(* Let $P,Q\in\Gamma_n$ and $0<r\le R$ with $r\le p_i/q_i\le R$ for all $i$. Let $s,t\in\mathbb{R}$. If $s\ge t$ and $t\le2$, then $$\frac{1}{4r^{t-2}}\Big(\frac{r+1}{2}\Big)^{s-2}\Phi_t(P\|Q)\le\Omega_s(Q\|P)\le\frac{1}{4R^{t-2}}\Big(\frac{R+1}{2}\Big)^{s-2}\Phi_t(P\|Q).$$ If $s\le t$ and $t\ge2$, then $$\frac{1}{4R^{t-2}}\Big(\frac{R+1}{2}\Big)^{s-2}\Phi_t(P\|Q)\le\Omega_s(Q\|P)\le\frac{1}{4r^{t-2}}\Big(\frac{r+1}{2}\Big)^{s-2}\Phi_t(P\|Q).$$
   Context: $\Gamma_n=\{P=(p_1,\dots,p_n): p_i>0,\ \sum_i p_i=1\}$, $n\ge2$. For $P,Q\in\Gamma_n$ and $s\in\mathbb{R}$: $\Phi_s(P\|Q)=[s(s-1)]^{-1}\big[\sum_i p_i^s q_i^{1-s}-1\big]$ for $s\ne0,1$; $\Phi_0(P\|Q)=\sum_i q_i\ln(q_i/p_i)$; $\Phi_1(P\|Q)=\sum_i p_i\ln(p_i/q_i)$. $\Omega_s(Q\|P)=[s(s-1)]^{-1}\big[\sum_i q_i\big(\frac{p_i+q_i}{2q_i}\big)^s-1\big]$ for $s\ne0,1$; $\Omega_0(Q\|P)=\sum_i q_i\ln\frac{2q_i}{p_i+q_i}$; $\Omega_1(Q\|P)=\sum_i\frac{p_i+q_i}{2}\ln\frac{p_i+q_i}{2q_i}$. *)

From Stdlib Require Import Reals.
Open Scope R_scope.

Fixpoint sumn (n : nat) (f : nat -> R) : R :=
  match n with O => 0 | S m => sumn m f + f m end.

Definition Gamma (n : nat) (p : nat -> R) : Prop :=
  (forall i, (i < n)%nat -> 0 < p i) /\ sumn n p = 1.

Definition Phi (n : nat) (s : R) (p q : nat -> R) : R :=
  if Req_EM_T s 0 then sumn n (fun i => q i * ln (q i / p i))
  else if Req_EM_T s 1 then sumn n (fun i => p i * ln (p i / q i))
  else / (s * (s - 1)) *
       (sumn n (fun i => Rpower (p i) s * Rpower (q i) (1 - s)) - 1).

Definition Omega (n : nat) (s : R) (q p : nat -> R) : R :=
  if Req_EM_T s 0 then sumn n (fun i => q i * ln (2 * q i / (p i + q i)))
  else if Req_EM_T s 1 then
    sumn n (fun i => (p i + q i) / 2 * ln ((p i + q i) / (2 * q i)))
  else / (s * (s - 1)) *
       (sumn n (fun i => q i * Rpower ((p i + q i) / (2 * q i)) s) - 1).

(* Both divergences are f-divergences [sum_i q_i f (p_i / q_i)]: [Phi_t] with generator
   [f_t], where [f_t'' u = u^(t-2)], and [Omega_s] with [g_s u = f_s ((u+1)/2)], where
   [g_s'' u = 1/4 ((u+1)/2)^(s-2)].  If [a f'' <= b g''] on [[r, R]] and [f 1 = g 1 = 0],
   then [b g - a f] is convex on an interval containing every ratio [p_i / q_i] and 1, so
   by the tangent line at 1 its f-divergence is nonnegative.  The quotient
   [g_s'' / f_t'' = 1/4 ((u+1)/2)^(s-2) u^(2-t)] is monotone in [u] under either sign
   condition on [s, t], so its values at [r] and [R] give the constants. *)

From Coquelicot Require Import Coquelicot.
From Stdlib Require Import Reals Lra Lia.
Open Scope R_scope.

Lemma sumn_ext n f g : (forall i, (i < n)%nat -> f i = g i) -> sumn n f = sumn n g.
Proof.
  induction n as [|n IH]; simpl; intros H; auto.
  rewrite IH by (intros; apply H; lia). rewrite H by lia. reflexivity.
Qed.

Lemma sumn_le n f g : (forall i, (i < n)%nat -> f i <= g i) -> sumn n f <= sumn n g.
Proof.
  induction n as [|n IH]; simpl; intros H; [lra|].
  apply Rplus_le_compat; [apply IH; intros|]; apply H; lia.
Qed.

Lemma sumn_lin n a b f g :
  sumn n (fun i => a * f i + b * g i) = a * sumn n f + b * sumn n g.
Proof. induction n as [|n IH]; simpl; [|rewrite IH]; ring. Qed.

Definition fdiv (n : nat) (f : R -> R) (p q : nat -> R) : R :=
  sumn n (fun i => q i * f (p i / q i)).

Lemma fdiv_lin n a b f g p q :
  fdiv n (fun u => a * f u + b * g u) p q = a * fdiv n f p q + b * fdiv n g p q.
Proof.
  unfold fdiv. rewrite <- sumn_lin. apply sumn_ext. intros i _. ring.
Qed.

Section Distributions.
Variables (n : nat) (p q : nat -> R).
Hypotheses (Gp : Gamma n p) (Gq : Gamma n q).

Lemma mul_ratio i : (i < n)%nat -> q i * (p i / q i) = p i.
Proof. intros Hi. pose proof (proj1 Gq i Hi). field. lra. Qed.

Lemma fdiv_affine a b : fdiv n (fun u => a + b * u) p q = a + b.
Proof.
  pose proof Gp as [_ Sp]; pose proof Gq as [_ Sq].
  unfold fdiv. rewrite (sumn_ext n _ (fun i => a * q i + b * p i)).
  - rewrite sumn_lin, Sp, Sq. ring.
  - intros i Hi. rewrite <- (mul_ratio i Hi) at 2. ring.
Qed.

Lemma fdiv_le f g :
  (forall i, (i < n)%nat -> f (p i / q i) <= g (p i / q i)) -> fdiv n f p q <= fdiv n g p q.
Proof.
  intros H. apply sumn_le. intros i Hi.
  apply Rmult_le_compat_l; [apply Rlt_le, (proj1 Gq i Hi)|apply H, Hi].
Qed.

(* The ratios average to 1 with weights [q], so any bounds on them enclose 1. *)
Lemma ratio_bounds_contain_1 r R0 :
  (forall i, (i < n)%nat -> r <= p i / q i <= R0) -> r <= 1 <= R0.
Proof.
  intros B.
  pose proof (fdiv_le (fun u => r + 0 * u) (fun u => 0 + 1 * u)
                ltac:(intros i Hi; specialize (B i Hi); lra)) as Hr.
  pose proof (fdiv_le (fun u => 0 + 1 * u) (fun u => R0 + 0 * u)
                ltac:(intros i Hi; specialize (B i Hi); lra)) as HR.
  rewrite !fdiv_affine in Hr, HR. lra.
Qed.

End Distributions.

Lemma is_derive_continuity_pt f df x : is_derive f x df -> continuity_pt f x.
Proof.
  intros H. apply continuity_pt_filterlim.
  apply (ex_derive_continuous (K := R_AbsRing) (V := R_NormedModule)). exists df. exact H.
Qed.

Lemma mvt_pos g dg a b : (forall z, 0 < z -> is_derive g z (dg z)) -> 0 < a < b ->
  exists c, a <= c <= b /\ g b - g a = dg c * (b - a).
Proof.
  intros Dg Hab.
  destruct (MVT_gen g a b dg) as [c [Hc E]].
  - intros z Hz. apply Dg. rewrite Rmin_left in Hz; lra.
  - intros z Hz. apply (is_derive_continuity_pt g (dg z)), Dg.
    rewrite Rmin_left in Hz; lra.
  - rewrite Rmin_left, Rmax_right in Hc by lra. exists c. split; [exact Hc|exact E].
Qed.

Section Convexity.
Variables (h h1 h2 : R -> R) (r R0 : R).
Hypothesis r_pos : 0 < r.
Hypothesis h_derive : forall z, 0 < z -> is_derive h z (h1 z).
Hypothesis h1_derive : forall z, 0 < z -> is_derive h1 z (h2 z).
Hypothesis h2_nonneg : forall z, r <= z <= R0 -> 0 <= h2 z.

Lemma convex_derive_le a b : r <= a -> a <= b -> b <= R0 -> h1 a <= h1 b.
Proof.
  intros Ha Hab Hb. destruct Hab as [Hab|<-]; [|lra].
  destruct (mvt_pos h1 h2 a b h1_derive ltac:(lra)) as [c [Hc E]].
  assert (0 <= h2 c) by (apply h2_nonneg; lra). nra.
Qed.

Lemma convex_tangent_le x y : r <= x <= R0 -> r <= y <= R0 -> h x + h1 x * (y - x) <= h y.
Proof.
  intros Hx Hy. destruct (Rtotal_order x y) as [Hxy|[<-|Hxy]]; [|lra|].
  - destruct (mvt_pos h h1 x y h_derive ltac:(lra)) as [c [Hc E]].
    assert (h1 x <= h1 c) by (apply convex_derive_le; lra). nra.
  - destruct (mvt_pos h h1 y x h_derive ltac:(lra)) as [c [Hc E]].
    assert (h1 c <= h1 x) by (apply convex_derive_le; lra). nra.
Qed.

Lemma fdiv_ge_at_1 n p q : Gamma n p -> Gamma n q ->
  (forall i, (i < n)%nat -> r <= p i / q i <= R0) -> h 1 <= fdiv n h p q.
Proof.
  intros Gp Gq B.
  pose proof (ratio_bounds_contain_1 n p q Gp Gq r R0 B) as H1.
  apply Rle_trans with (fdiv n (fun u => (h 1 - h1 1) + h1 1 * u) p q).
  { rewrite fdiv_affine by assumption. lra. }
  apply (fdiv_le n p q Gq). intros i Hi.
  pose proof (convex_tangent_le 1 (p i / q i) ltac:(lra) (B i Hi)). lra.
Qed.

End Convexity.

Lemma fdiv_compare n p q r R0 a b (f f1 f2 g g1 g2 : R -> R) :
  0 < r -> Gamma n p -> Gamma n q ->
  (forall i, (i < n)%nat -> r <= p i / q i <= R0) ->
  (forall z, 0 < z -> is_derive f z (f1 z)) -> (forall z, 0 < z -> is_derive f1 z (f2 z)) ->
  (forall z, 0 < z -> is_derive g z (g1 z)) -> (forall z, 0 < z -> is_derive g1 z (g2 z)) ->
  f 1 = 0 -> g 1 = 0 ->
  (forall u, r <= u <= R0 -> a * f2 u <= b * g2 u) ->
  a * fdiv n f p q <= b * fdiv n g p q.
Proof.
  intros r_pos Gp Gq B Df Df1 Dg Dg1 f_at_1 g_at_1 H.
  assert (Jensen : b * g 1 + - a * f 1 <= fdiv n (fun u => b * g u + - a * f u) p q).
  { apply (fdiv_ge_at_1 (fun u => b * g u + - a * f u) (fun u => b * g1 u + - a * f1 u)
             (fun u => b * g2 u + - a * f2 u) r R0);
      auto; intros z Hz.
    - apply @is_derive_plus; apply is_derive_scal; auto.
    - apply @is_derive_plus; apply is_derive_scal; auto.
    - specialize (H z Hz). lra. }
  rewrite fdiv_lin, f_at_1, g_at_1 in Jensen. lra.
Qed.

Lemma is_derive_Rpower a u : 0 < u -> is_derive (fun x => Rpower x a) u (a * Rpower u (a - 1)).
Proof. intros Hu. apply is_derive_Reals, derivable_pt_lim_power, Hu. Qed.

Lemma Rpower_1_base a : Rpower 1 a = 1.
Proof. unfold Rpower. rewrite ln_1, Rmult_0_r. apply exp_0. Qed.

Lemma Rpower_opp_nat u k : 0 < u -> Rpower u (- INR k) = / u ^ k.
Proof. intros Hu. rewrite Rpower_Ropp, Rpower_pow; auto. Qed.

Definition power_gen (t u : R) : R :=
  if Req_EM_T t 0 then - ln u
  else if Req_EM_T t 1 then u * ln u
  else / (t * (t - 1)) * (Rpower u t - 1).

Definition power_gen1 (t u : R) : R :=
  if Req_EM_T t 0 then - / u
  else if Req_EM_T t 1 then ln u + 1
  else / (t - 1) * Rpower u (t - 1).

Lemma power_gen_1 t : power_gen t 1 = 0.
Proof.
  unfold power_gen. rewrite ln_1, Rpower_1_base.
  destruct (Req_EM_T t 0); [|destruct (Req_EM_T t 1)]; ring.
Qed.

Lemma is_derive_power_gen t u : 0 < u -> is_derive (power_gen t) u (power_gen1 t u).
Proof.
  intros Hu. unfold power_gen, power_gen1.
  destruct (Req_EM_T t 0) as [->|H0]; [|destruct (Req_EM_T t 1) as [->|H1]].
  - auto_derive; [lra|field; lra].
  - auto_derive; [lra|field; lra].
  - replace (/ (t - 1) * Rpower u (t - 1)) with (/ (t * (t - 1)) * (t * Rpower u (t - 1) - 0))
      by (field; split; lra).
    apply is_derive_scal, (is_derive_minus (fun x => Rpower x t) (fun _ => 1)).
    + apply is_derive_Rpower, Hu.
    + auto_derive; auto.
Qed.

Lemma is_derive_power_gen1 t u : 0 < u -> is_derive (power_gen1 t) u (Rpower u (t - 2)).
Proof.
  intros Hu. unfold power_gen1.
  destruct (Req_EM_T t 0) as [->|H0]; [|destruct (Req_EM_T t 1) as [->|H1]].
  - replace (0 - 2) with (- INR 2) by (simpl; ring). rewrite Rpower_opp_nat by exact Hu.
    auto_derive; [lra|field; lra].
  - replace (1 - 2) with (- INR 1) by (simpl; ring). rewrite Rpower_opp_nat by exact Hu.
    auto_derive; [lra|field; lra].
  - replace (Rpower u (t - 2)) with (/ (t - 1) * ((t - 1) * Rpower u (t - 1 - 1)))
      by (replace (t - 1 - 1) with (t - 2) by ring; field; lra).
    apply is_derive_scal, is_derive_Rpower, Hu.
Qed.

Lemma is_derive_at_half_succ (F F1 : R -> R) u :
  (forall v, 0 < v -> is_derive F v (F1 v)) -> 0 < u ->
  is_derive (fun x => F ((x + 1) / 2)) u (/ 2 * F1 ((u + 1) / 2)).
Proof.
  intros DF Hu. apply (is_derive_comp F (fun x => (x + 1) / 2)).
  - apply DF. lra.
  - auto_derive; [auto|field].
Qed.

Definition omega_gen (s u : R) : R := power_gen s ((u + 1) / 2).

Definition omega_gen1 (s u : R) : R := / 2 * power_gen1 s ((u + 1) / 2).

Lemma omega_gen_1 s : omega_gen s 1 = 0.
Proof. unfold omega_gen. replace ((1 + 1) / 2) with 1 by field. apply power_gen_1. Qed.

Lemma is_derive_omega_gen s u : 0 < u -> is_derive (omega_gen s) u (omega_gen1 s u).
Proof. apply is_derive_at_half_succ, is_derive_power_gen. Qed.

Lemma is_derive_omega_gen1 s u :
  0 < u -> is_derive (omega_gen1 s) u (/ 4 * Rpower ((u + 1) / 2) (s - 2)).
Proof.
  intros Hu. replace (/ 4) with (/ 2 * / 2) by field.
  rewrite Rmult_assoc. apply is_derive_scal.
  apply (is_derive_at_half_succ (power_gen1 s) (fun v => Rpower v (s - 2))); [|exact Hu].
  apply is_derive_power_gen1.
Qed.

Lemma Rpower_ratio_mul t x y : 0 < x -> 0 < y -> y * Rpower (x / y) t = Rpower x t * Rpower y (1 - t).
Proof.
  intros Hx Hy. unfold Rpower. rewrite ln_div by assumption.
  rewrite <- (exp_ln y) at 1 by assumption. rewrite <- !exp_plus. f_equal. ring.
Qed.

Lemma half_succ_ratio x y : 0 < y -> (x / y + 1) / 2 = (x + y) / (2 * y).
Proof. intros Hy. field. lra. Qed.

Lemma Phi_fdiv n t p q : Gamma n p -> Gamma n q -> Phi n t p q = fdiv n (power_gen t) p q.
Proof.
  intros [Pp _] [Pq Sq]. unfold Phi, fdiv, power_gen.
  destruct (Req_EM_T t 0); [|destruct (Req_EM_T t 1)].
  - apply sumn_ext. intros i Hi. specialize (Pp i Hi). specialize (Pq i Hi).
    rewrite !ln_div by assumption. ring.
  - apply sumn_ext. intros i Hi. specialize (Pq i Hi). field. lra.
  - set (c := / (t * (t - 1))).
    rewrite (sumn_ext n (fun i => q i * (c * (Rpower (p i / q i) t - 1)))
              (fun i => c * (Rpower (p i) t * Rpower (q i) (1 - t)) + - c * q i)).
    + rewrite sumn_lin, Sq. ring.
    + intros i Hi. rewrite <- Rpower_ratio_mul by auto. ring.
Qed.

Lemma Omega_fdiv n s p q : Gamma n p -> Gamma n q -> Omega n s q p = fdiv n (omega_gen s) p q.
Proof.
  intros [Pp _] [Pq Sq]. unfold Omega, fdiv, omega_gen, power_gen.
  destruct (Req_EM_T s 0); [|destruct (Req_EM_T s 1)].
  - apply sumn_ext. intros i Hi. specialize (Pp i Hi). specialize (Pq i Hi).
    rewrite half_succ_ratio, !ln_div by lra. ring.
  - apply sumn_ext. intros i Hi. specialize (Pq i Hi).
    rewrite half_succ_ratio by assumption. field. lra.
  - set (c := / (s * (s - 1))).
    rewrite (sumn_ext n (fun i => q i * (c * (Rpower ((p i / q i + 1) / 2) s - 1)))
              (fun i => c * (q i * Rpower ((p i + q i) / (2 * q i)) s) + - c * q i)).
    + rewrite sumn_lin, Sq. ring.
    + intros i Hi. rewrite half_succ_ratio by auto. ring.
Qed.

(* [g_s'' / f_t''] at [x]: the constants of the two-sided bound. *)
Definition omega_phi_ratio (s t x : R) : R :=
  / (4 * Rpower x (t - 2)) * Rpower ((x + 1) / 2) (s - 2).

Lemma omega_phi_ratio_mul s t u :
  omega_phi_ratio s t u * Rpower u (t - 2) = / 4 * Rpower ((u + 1) / 2) (s - 2).
Proof.
  unfold omega_phi_ratio. assert (0 < Rpower u (t - 2)) by apply exp_pos.
  field. lra.
Qed.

TRY IT:
Return only the count of lines in the records that hold the word "From".

ANSWER SECTION:
3